Onun haricinde blog’unun da yazılarının da tasarımına, göze hoş gelmesine çok önem ver. İçeriklerde görselliğin ne kadar önemli bir hale geldiğini, internet dünyasında takılan herkes görmüştür herhalde son yıllarda. Artık yazı bile geri plana atılabiliyor bazı noktalarda. İnsanlar sadece görsellere önem vermeye başladı ki; bu da hayli endişe edilmesi gereken bir durum. Bu durumu dikkate alarak; yaptığın her işte görselliğe önem ver. Misal; blog’unun renkleri göz yormasın, yazılarına bol bol, okurları rahatsız etmeyecek şekilde görseller ekle. Okuyucu sadece 1000 kelimelik bir yazı ile karşılaşmasın açtığında. Yazının heybetinden korkmayıp, görsellerin getirdiği renk ile akıcı bir şekilde okuyup, değer versin kalemine.

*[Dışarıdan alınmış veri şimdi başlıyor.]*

(* Let $c\ge1$ and let $G$ be a finite nilpotent group of class $t\ge1$. For $2\le j\le t$ put $Q_j=G/\gamma_j(G)$ and for $1\le j\le t-1$ let $e_j=\min\{\exp(Q_{j+1}),\exp(\gamma_{j+1}(G))\}$. Then $$\exp(M^{(c)}(G))\le\exp(G/G')\prod_{j=1}^{t-1}e_j.$$ In particular, if $G$ is a $p$-group of exponent $p^e$, then $\exp(M^{(c)}(G))\le p^{et}$.
   Context: $\gamma_1(X)=X$, $\gamma_{i+1}(X)=[\gamma_i(X),X]$; $G'=\gamma_2(G)$. The $c$-nilpotent multiplier of $G\cong F/R$ ($F$ free) is $M^{(c)}(G)=(R\cap\gamma_{c+1}(F))/[R,{}_cF]$, where $[R,{}_0F]=R$, $[R,{}_{i+1}F]=[[R,{}_iF],F]$; it is independent of the presentation. $\exp(X)$ is the exponent of $X$. *)

(* The finite group G is a mathcomp finGroupType group; the
   free group F of a free presentation is an abstract (possibly infinite)
   group, defined below from scratch since MathComp has no infinite groups. *)
From mathcomp Require Import all_boot all_fingroup all_solvable.
Set Implicit Arguments. Unset Strict Implicit. Unset Printing Implicit Defensive.

Record Grp := {
  gcar :> Type;
  gmul : gcar -> gcar -> gcar;
  ginv : gcar -> gcar;
  gone : gcar;
  gmulA : forall x y z, gmul x (gmul y z) = gmul (gmul x y) z;
  gmul1 : forall x, gmul gone x = x;
  gmulV : forall x, gmul (ginv x) x = gone
}.

Definition is_hom (F H : Grp) (f : F -> H) : Prop :=
  forall x y, f (gmul x y) = gmul (f x) (f y).

Definition is_free (F : Grp) : Prop :=
  exists (X : Type) (i : X -> F),
    forall (H : Grp) (f : X -> H),
      exists phi : F -> H,
        [/\ is_hom phi, (forall x, phi (i x) = f x) &
            forall psi : F -> H, is_hom psi -> (forall x, psi (i x) = f x) ->
              forall y, psi y = phi y].

Section AbstractGroup.
Variable F : Grp.

Fixpoint gpow (x : F) (n : nat) : F :=
  match n with 0 => gone F | n'.+1 => gmul (gpow x n') x end.

Definition gcomm (x y : F) : F := gmul (gmul (ginv x) (ginv y)) (gmul x y).

Inductive gen (S : F -> Prop) : F -> Prop :=
| gen_in x : S x -> gen S x
| gen_one : gen S (gone F)
| gen_mul x y : gen S x -> gen S y -> gen S (gmul x y)
| gen_inv x : gen S x -> gen S (ginv x).

Definition comm_sub (A B : F -> Prop) : F -> Prop :=
  gen (fun z => exists a b, A a /\ B b /\ z = gcomm a b).

Definition fullF : F -> Prop := fun _ => True.

Fixpoint gamma (i : nat) : F -> Prop :=
  match i with
  | 0 | 1 => fullF
  | i'.+1 => comm_sub (gamma i') fullF
  end.

Fixpoint iter_comm (R : F -> Prop) (k : nat) : F -> Prop :=
  match k with 0 => R | k'.+1 => comm_sub (iter_comm R k') fullF end.

(* exp(A/B) <= m, for B <= A (A/B of finite exponent): some positive
   n <= m kills the quotient A/B. *)
Definition quot_exp_le (A B : F -> Prop) (m : nat) : Prop :=
  exists n, 0 < n <= m /\ forall x, A x -> B (gpow x n).

(* exp(M^(c)(G)) <= m for the presentation F/R, R the kernel. *)
Definition cmult_exp_le (R : F -> Prop) (c m : nat) : Prop :=
  quot_exp_le (fun x => R x /\ gamma c.+1 x) (iter_comm R c) m.

End AbstractGroup.

From mathcomp Require Import all_boot all_fingroup all_solvable.

(* Write S_j for the preimage in F of 'L_j(G) and e_j for the exponent of
   'L_j(G) / 'L_j.+1(G).  Then [S_j, F] <= S_(j+1) and S_j^(e_j) <= S_(j+1), and
   the key lemma iter_comm_gpow -- if [T, F] <= U and T^k <= U then
   [T, _c F]^k <= [U, _c F] -- applied t times sends gamma_(c+1)(F) = [S_1, _c F]
   into [S_(t+1), _c F] = [R, _c F] after raising to the power e_1 ... e_t.
   The key lemma holds because, modulo [U, _c F], a |-> [a, f_1, ..., f_c] is a
   homomorphism on T and [U, _(c-1) F] is central.  Finally e_1 = exp(G/G'),
   while each e_j divides both exp(G/G') and exp('L_j(G)). *)

Set Implicit Arguments. Unset Strict Implicit. Unset Printing Implicit Defensive.

Section GroupLaws.
Variable F : Grp.
Local Infix "**" := (@gmul F) (at level 40, left associativity).
Local Notation "1'" := (gone F).

Lemma gmulVr (x : F) : x ** ginv x = 1'.
Proof.
have -> : x ** ginv x = ginv (ginv x) ** ginv x ** (x ** ginv x).
  by rewrite gmulV gmul1.
by rewrite gmulA -(gmulA (ginv (ginv x))) gmulV -gmulA gmul1 gmulV.
Qed.

Lemma gmulr1 (x : F) : x ** 1' = x.
Proof. by rewrite -(gmulV x) gmulA gmulVr gmul1. Qed.

Lemma gmulgKV (u x : F) : u ** ginv x ** x = u.
Proof. by rewrite -gmulA gmulV gmulr1. Qed.

Lemma gmulgK (u x : F) : u ** x ** ginv x = u.
Proof. by rewrite -gmulA gmulVr gmulr1. Qed.

Lemma ginv_unique (x y : F) : x ** y = 1' -> ginv x = y.
Proof. by move=> xy1; rewrite -[ginv x]gmulr1 -xy1 gmulA gmulV gmul1. Qed.

Lemma ginvK (x : F) : ginv (ginv x) = x.
Proof. by apply: ginv_unique; rewrite gmulV. Qed.

Lemma ginvM (x y : F) : ginv (x ** y) = ginv y ** ginv x.
Proof. by apply: ginv_unique; rewrite !gmulA gmulgK gmulVr. Qed.

Lemma ginv1 : ginv 1' = 1'.
Proof. by apply: ginv_unique; rewrite gmul1. Qed.

Local Ltac gsimpl := rewrite /gcomm ?ginvM ?ginvK ?ginv1 ?gmulA;
  rewrite ?(gmulgKV, gmulgK, gmul1, gmulr1, gmulV, gmulVr).

Lemma gcommMl (x y z : F) :
  gcomm (x ** y) z = gcomm x z ** gcomm (gcomm x z) y ** gcomm y z.
Proof. by gsimpl. Qed.

Lemma gconj_gcomm (a f g : F) :
  ginv g ** gcomm a f ** g = ginv (gcomm a g) ** gcomm a (f ** g).
Proof. by gsimpl. Qed.

Lemma gcommgC (x y : F) : x ** y = y ** x ** gcomm x y.
Proof. by gsimpl. Qed.

Lemma gcommEl (x y : F) : gcomm x y = ginv x ** (ginv y ** x ** y).
Proof. by gsimpl. Qed.

Lemma gcomm1g (y : F) : gcomm 1' y = 1'.
Proof. by gsimpl. Qed.

End GroupLaws.

Section Subgroups.
Variable F : Grp.
Local Infix "**" := (@gmul F) (at level 40, left associativity).
Local Notation "1'" := (gone F).

Definition subgrp (A : F -> Prop) :=
  [/\ A 1', (forall x y, A x -> A y -> A (x ** y)) & forall x, A x -> A (ginv x)].

Definition normalp (A : F -> Prop) := forall x g, A x -> A (ginv g ** x ** g).

Definition nsg (A : F -> Prop) := subgrp A /\ normalp A.

Lemma gen_subgrp (S : F -> Prop) : subgrp (gen S).
Proof. by split; [exact: gen_one | exact: gen_mul | exact: gen_inv]. Qed.

Lemma gen_min (S H : F -> Prop) : (forall x, S x -> H x) -> subgrp H ->
  forall x, gen S x -> H x.
Proof.
move=> sSH [H1 HM HV] x; elim=> [y /sSH // | // | y z _ ? _ ? | y _ ?]; auto.
Qed.

Lemma comm_sub_mono (A A' B : F -> Prop) : (forall x, A x -> A' x) ->
  forall x, comm_sub A B x -> comm_sub A' B x.
Proof.
move=> sAA'; apply: gen_min; last exact: gen_subgrp.
by move=> _ [a [b [Aa [Bb ->]]]]; apply: gen_in; exists a, b; auto.
Qed.

Lemma comm_sub_normal (A : F -> Prop) : normalp (comm_sub A (@fullF F)).
Proof.
move=> x g; elim=> [_ [a [b [Aa [_ ->]]]] | | y z _ Hy _ Hz | y _ Hy].
- rewrite gconj_gcomm; apply: gen_mul.
    by apply: gen_inv; apply: gen_in; exists a, g.
  by apply: gen_in; exists a, (b ** g).
- by rewrite gmulr1 gmulV; apply: gen_one.
- have -> : ginv g ** (y ** z) ** g = (ginv g ** y ** g) ** (ginv g ** z ** g).
    by rewrite !gmulA gmulgK.
  exact: gen_mul.
- have -> : ginv g ** ginv y ** g = ginv (ginv g ** y ** g).
    by rewrite !ginvM ginvK !gmulA.
  exact: gen_inv.
Qed.

Lemma gpowSl (x : F) n : gpow x n.+1 = x ** gpow x n.
Proof.
elim: n => [|n IHn]; first by rewrite /= gmul1 gmulr1.
by change (gpow x n.+1 ** x = x ** (gpow x n ** x)); rewrite IHn gmulA.
Qed.

Lemma gpow1 (x : F) : gpow x 1 = x.
Proof. exact: gmul1. Qed.

Lemma gpow1g n : gpow 1' n = 1'.
Proof. by elim: n => //= n ->; rewrite gmul1. Qed.

Lemma gpowV (x : F) n : gpow (ginv x) n = ginv (gpow x n).
Proof.
elim: n => [|n IHn]; first by rewrite /= ginv1.
by rewrite gpowSl ginvM -IHn.
Qed.

Lemma gpowD (x : F) a b : gpow x (a + b) = gpow x a ** gpow x b.
Proof. by elim: b => [|b IHb]; rewrite ?addn0 ?gmulr1 // addnS /= IHb gmulA. Qed.

Lemma gpowM (x : F) a b : gpow x (a * b) = gpow (gpow x a) b.
Proof. by elim: b => [|b IHb]; rewrite ?muln0 // mulnS addnC gpowD IHb. Qed.

Lemma subgrp_gpow (A : F -> Prop) (x : F) n : subgrp A -> A x -> A (gpow x n).
Proof. by case=> A1 AM _ Ax; elim: n => //= n IHn; apply: AM. Qed.

End Subgroups.

Section IteratedCommutators.
Variable F : Grp.
Local Infix "**" := (@gmul F) (at level 40, left associativity).
Local Notation "1'" := (gone F).

Fixpoint lcomm (x : F) (fs : seq F) : F :=
  if fs is f :: fs' then lcomm (gcomm x f) fs' else x.

Lemma lcomm1g fs : lcomm 1' fs = 1'.
Proof. by elim: fs => //= f fs IHfs; rewrite gcomm1g. Qed.

Lemma iter_comm_mono (A B : F -> Prop) n : (forall x, A x -> B x) ->
  forall x, iter_comm A n x -> iter_comm B n x.
Proof.
by move=> sAB; elim: n => [|n IHn] x; [exact: sAB | exact: comm_sub_mono].
Qed.

Lemma iter_comm_shift (T U : F -> Prop) : (forall x, comm_sub T (@fullF F) x -> U x) ->
  forall n x, iter_comm T n.+1 x -> iter_comm U n x.
Proof.
by move=> sTU; elim=> [|n IHn] x; [exact: sTU | exact: comm_sub_mono].
Qed.

Lemma gamma_iter_comm n x : gamma n.+1 x -> iter_comm (@fullF F) n x.
Proof. by elim: n x => [|n IHn] x //; exact: comm_sub_mono. Qed.

Lemma iter_comm_lcomm (U : F -> Prop) r x fs :
  iter_comm U r x -> iter_comm U (r + size fs) (lcomm x fs).
Proof.
elim: fs r x => [|f fs IHfs] r x /=; first by rewrite addn0.
by move=> Ux; rewrite -addSnnS; apply: IHfs; apply: gen_in; exists x, f.
Qed.

Section NormalSubgroup.
Variable U : F -> Prop.
Hypothesis nsgU : nsg U.

Lemma iter_comm_subgrp n : subgrp (iter_comm U n).
Proof. by case: n => [|n]; [case: nsgU | exact: gen_subgrp]. Qed.

Lemma iter_comm_nsg n : nsg (iter_comm U n).
Proof.
split; first exact: iter_comm_subgrp.
by case: n => [|n]; [case: nsgU | exact: comm_sub_normal].
Qed.

Lemma iter_comm_S n x : iter_comm U n.+1 x -> iter_comm U n x.
Proof.
elim: n x => [|n IHn] x; last exact: comm_sub_mono.
apply: gen_min; last by case: nsgU.
move=> _ [a [b [Ua [_ ->]]]]; rewrite gcommEl.
by case: nsgU => [[_ UM UV] UN]; apply: UM; [exact: UV | exact: UN].
Qed.

Lemma iter_comm_leq m n x : m <= n -> iter_comm U n x -> iter_comm U m x.
Proof.
move=> le_mn; rewrite -(subnKC le_mn); elim: (n - m) x => [|d IHd] x.
  by rewrite addn0.
by rewrite addnS => /iter_comm_S /IHd.
Qed.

Eğer okuyucu ile arandaki bu değer olayını tutturabilir isen sırtın bir daha yere gelmez zaten, rahat ol! Mesela onların sana değer verdiğini en iyi yorumlardan analiz edebilirsin. Yazılarına gelen yorumlar, doğrudan sana yapılmış yorumlardır. Eğer bir okuyucu, yazına yorum yapıyorsa bil ki; o yazı başarılı bir yazıdır. Okuyucunun bir yazıya yorum atması demek, yazıyı okumaktan keyif aldığını gösterir (istisnalar olmakla birlikte). Şahsen ben sevmediğim hiçbir içeriğe yorum atmamışımdır bugüne dek. Daima es geçerim, başka bir yazısını okurum yazarın. O yüzden sakın “yorum gelse ne olur, gelmese ne olur ?” kafasıyla bakma olaya, yorumları önemse.

**

Tüm bunların dışında, en önemli hususlardan bir tanesi de; okurların ile olan iletişimindir. Blog’unda mutlaka bir iletişim sayfası olması gerektiğini herhalde biliyorsundur ? Bilmiyorsan da öğren ve ekle! İletişim sayfası olmayan blog’lar, %50’si eksik blog’lardır. Siz hiç irtibat telefonu olmayan bir şirket gördünüz mü mesela ? İletişim, insan ilişkisidir bütünüyle. Okurlarınız ile aranızda iletişim sağlayamadan, onlara kendinizi sevdirmeniz pek mümkün olmayacaktır.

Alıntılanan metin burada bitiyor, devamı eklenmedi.